Komandan Skadron 100 yang saat itu dijabat oleh Mayor Hamimi, menugaskan pilot Gannet yang baru saja menyelesaikan tugas pelatihan konversi, Kapten Amin Singgih, ke Ambon guna menyiapkan pangkalan bagi pesawat-pesawat Gannet.
Kapten Singgih berangkat ke Liang disertai prajurit Penerbal Sersan JC Seleky yang berasal dari Ambon.
Ketika tiba di bekas pangkalan udara Jepang semasa PD II itu kondisinya ternyata tidak terawat.
Hampir semua kawasan pangkalan ditumbuhi rumput tinggi dan landasan pacu yang tersisa nyaris tak bisa dipakai lagi.Hanya tersisa satu gubuk kecil reot dan nyaris ambruk.
Untuk menyiasati keadaan dan harus bekerja keras seperti peladang, Kapten Singgih dan Sersan JC Seleky menginap di mess TNI AL, (sekarang Lantamal IX) Halong, Ambon. Jarak antara Halong dan Liang cukup jauh sekitar 57 km.

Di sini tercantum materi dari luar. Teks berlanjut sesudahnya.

Fixpoint st_guarded (t : stype) : bool :=
  match t with
  | st_end => true
  | st_inb _ k | st_outb _ k => st_guarded k
  | st_ins m k | st_outs m k => st_guarded m && st_guarded k
  | st_branch bs | st_choice bs => forallb (fun p => st_guarded (snd p)) bs
  | st_mu b => st_contr 1 b && st_guarded b
  | st_var _ => true
  end.

Definition inST (t : stype) : Prop := st_closed_at 0 t = true /\ st_guarded t = true.

Inductive st_unfold : stype -> stype -> Prop :=
| stu_mu : forall b u, st_unfold (st_subst 0 (st_mu b) b) u -> st_unfold (st_mu b) u
| stu_other : forall t, (forall b, t <> st_mu b) -> st_unfold t t.

Fixpoint c_lift (c : nat) (t : contract) : contract :=
  match t with
  | c_one => c_one
  | c_inb b k => c_inb b (c_lift c k)
  | c_outb b k => c_outb b (c_lift c k)
  | c_ins m k => c_ins (c_lift c m) (c_lift c k)
  | c_outs m k => c_outs (c_lift c m) (c_lift c k)
  | c_ext bs => c_ext (map (fun p => (fst p, c_lift c (snd p))) bs)
  | c_int bs => c_int (map (fun p => (fst p, c_lift c (snd p))) bs)
  | c_mu b => c_mu (c_lift (S c) b)
  | c_var n => if n <? c then c_var n else c_var (S n)
  end.

Fixpoint c_subst (k : nat) (u : contract) (t : contract) : contract :=
  match t with
  | c_one => c_one
  | c_inb b s => c_inb b (c_subst k u s)
  | c_outb b s => c_outb b (c_subst k u s)
  | c_ins m s => c_ins (c_subst k u m) (c_subst k u s)
  | c_outs m s => c_outs (c_subst k u m) (c_subst k u s)
  | c_ext bs => c_ext (map (fun p => (fst p, c_subst k u (snd p))) bs)
  | c_int bs => c_int (map (fun p => (fst p, c_subst k u (snd p))) bs)
  | c_mu b => c_mu (c_subst (S k) (c_lift 0 u) b)
  | c_var n => if n <? k then c_var n else if n =? k then u else c_var (pred n)
  end.

Fixpoint c_closed_at (n : nat) (t : contract) : bool :=
  match t with
  | c_one => true
  | c_inb _ k | c_outb _ k => c_closed_at n k
  | c_ins m k | c_outs m k => c_closed_at n m && c_closed_at n k
  | c_ext bs | c_int bs => forallb (fun p => c_closed_at n (snd p)) bs
  | c_mu b => c_closed_at (S n) b
  | c_var m => m <? n
  end.

Fixpoint c_contr (n : nat) (t : contract) : bool :=
  match t with
  | c_mu b => c_contr (S n) b
  | c_var m => n <=? m
  | _ => true
  end.

Fixpoint c_guarded (t : contract) : bool :=
  match t with
  | c_one => true
  | c_inb _ k | c_outb _ k => c_guarded k
  | c_ins m k | c_outs m k => c_guarded m && c_guarded k
  | c_ext bs | c_int bs => forallb (fun p => c_guarded (snd p)) bs
  | c_mu b => c_contr 1 b && c_guarded b
  | c_var _ => true
  end.

Definition inSC (t : contract) : Prop := c_closed_at 0 t = true /\ c_guarded t = true.

Inductive c_unfold : contract -> contract -> Prop :=
| cu_mu : forall b u, c_unfold (c_subst 0 (c_mu b) b) u -> c_unfold (c_mu b) u
| cu_other : forall t, (forall b, t <> c_mu b) -> c_unfold t t.

Fixpoint Mmap (t : stype) : contract :=
  match t with
  | st_end => c_one
  | st_inb b k => c_inb b (Mmap k)
  | st_outb b k => c_outb b (Mmap k)
  | st_ins m k => c_ins (Mmap m) (Mmap k)
  | st_outs m k => c_outs (Mmap m) (Mmap k)
  | st_branch bs => c_ext (map (fun p => (fst p, Mmap (snd p))) bs)
  | st_choice bs => c_int (map (fun p => (fst p, Mmap (snd p))) bs)
  | st_mu b => c_mu (Mmap b)
  | st_var n => c_var n
  end.

Fixpoint Minv (t : contract) : stype :=
  match t with
  | c_one => st_end
  | c_inb b k => st_inb b (Minv k)
  | c_outb b k => st_outb b (Minv k)
  | c_ins m k => st_ins (Minv m) (Minv k)
  | c_outs m k => st_outs (Minv m) (Minv k)
  | c_ext bs => st_branch (map (fun p => (fst p, Minv (snd p))) bs)
  | c_int bs => st_choice (map (fun p => (fst p, Minv (snd p))) bs)
  | c_mu b => st_mu (Minv b)
  | c_var n => st_var n
  end.

Variable leb : BT -> BT -> Prop.

Definition Sfun (R B : contract -> contract -> Prop) (s1 s2 : contract) : Prop :=
  inSC s1 /\ inSC s2 /\
  forall u1, c_unfold s1 u1 ->
  match u1 with
  | c_one => c_unfold s2 c_one
  | c_inb t1 k1 => exists t2 k2, c_unfold s2 (c_inb t2 k2) /\ R k1 k2 /\ leb t1 t2
  | c_outb t1 k1 => exists t2 k2, c_unfold s2 (c_outb t2 k2) /\ R k1 k2 /\ leb t2 t1
  | c_outs m1 k1 => exists m2 k2, c_unfold s2 (c_outs m2 k2) /\ R k1 k2 /\ B m2 m1
  | c_ins m1 k1 => exists m2 k2, c_unfold s2 (c_ins m2 k2) /\ R k1 k2 /\ B m1 m2
  | c_ext bs1 => exists bs2, c_unfold s2 (c_ext bs2) /\ length bs1 <= length bs2 /\
      forall i l k1, nth_error bs1 i = Some (l, k1) ->
        exists k2, nth_error bs2 i = Some (l, k2) /\ R k1 k2
  | c_int bs1 => exists bs2, c_unfold s2 (c_int bs2) /\ length bs2 <= length bs1 /\
      forall i l k2, nth_error bs2 i = Some (l, k2) ->
        exists k1, nth_error bs1 i = Some (l, k1) /\ R k1 k2
  | c_mu _ | c_var _ => False
  end.

Definition Fle (R : stype -> stype -> Prop) (T S : stype) : Prop :=
  inST T /\ inST S /\
  forall u1, st_unfold T u1 ->
  match u1 with
  | st_end => st_unfold S st_end
  | st_inb t1 k1 => exists t2 k2, st_unfold S (st_inb t2 k2) /\ R k1 k2 /\ leb t1 t2
  | st_outb t1 k1 => exists t2 k2, st_unfold S (st_outb t2 k2) /\ R k1 k2 /\ leb t2 t1
  | st_outs m1 k1 => exists m2 k2, st_unfold S (st_outs m2 k2) /\ R k1 k2 /\ R m2 m1
  | st_ins m1 k1 => exists m2 k2, st_unfold S (st_ins m2 k2) /\ R k1 k2 /\ R m1 m2
  | st_branch bs1 => exists bs2, st_unfold S (st_branch bs2) /\ length bs1 <= length bs2 /\
      forall i l k1, nth_error bs1 i = Some (l, k1) ->
        exists k2, nth_error bs2 i = Some (l, k2) /\ R k1 k2
  | st_choice bs1 => exists bs2, st_unfold S (st_choice bs2) /\ length bs2 <= length bs1 /\
      forall i l k2, nth_error bs2 i = Some (l, k2) ->
        exists k1, nth_error bs1 i = Some (l, k1) /\ R k1 k2
  | st_mu _ | st_var _ => False
  end.

Definition type_simulation (R : stype -> stype -> Prop) : Prop :=
  forall T S, R T S -> Fle R T S.

Definition Minv_rel (B : contract -> contract -> Prop) (T S : stype) : Prop :=
  exists s1 s2, B s1 s2 /\ T = Minv s1 /\ S = Minv s2.

End Syntax.

(* M^-1 is a homomorphism commuting with lifting, substitution and hence with
   unfolding, and it preserves closedness and guardedness. Since unfolding of
   [M^-1 s] is the image of the unfolding of [s], every clause of [S(B,B)] for
   [s1 B s2] transports verbatim to the corresponding clause of [F_<=] for
   [(M^-1 s1, M^-1 s2)]. *)
From Stdlib Require Import List Arith.
Set Implicit Arguments.

Lemma forallb_map_Forall (A C : Type) (f : C -> bool) (g : A -> C) (h : A -> bool)
  (l : list A) :
  Forall (fun x => f (g x) = h x) l -> forallb f (map g l) = forallb h l.
Proof. induction 1 as [|x l Hx _ IH]; simpl; [reflexivity|now rewrite Hx, IH]. Qed.

Section ContractToType.
Variables BT L : Type.

Local Notation contract := (contract BT L).
Local Notation stype := (stype BT L).
Local Notation map_snd f := (map (fun p => (fst p, f (snd p)))).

Setiap pagi hingga sore, dibantu penduduk setempat yang merupakan pendatang dari Buton, Sulawesi Tenggara, pilot dan awak Gannet itu bekerja keras membangun pangkalan menggunakan peralatan terbatas.
Tak hanya peralatan kerja yang terbatas makanan juga seadanya.
Untuk makan siang para pekerja baik Kapten Singgih maupun Seleky bersiasat memanfaatkan buah kelapa yang dipetik dari pohon-pohon kelapa di sekitarnya.
Bahan bangunan yang seharusnya menggunakan batu atau kayu keras diganti dengan bahan-bahan yang berada di sekitarnya, khususnya pohon sagu.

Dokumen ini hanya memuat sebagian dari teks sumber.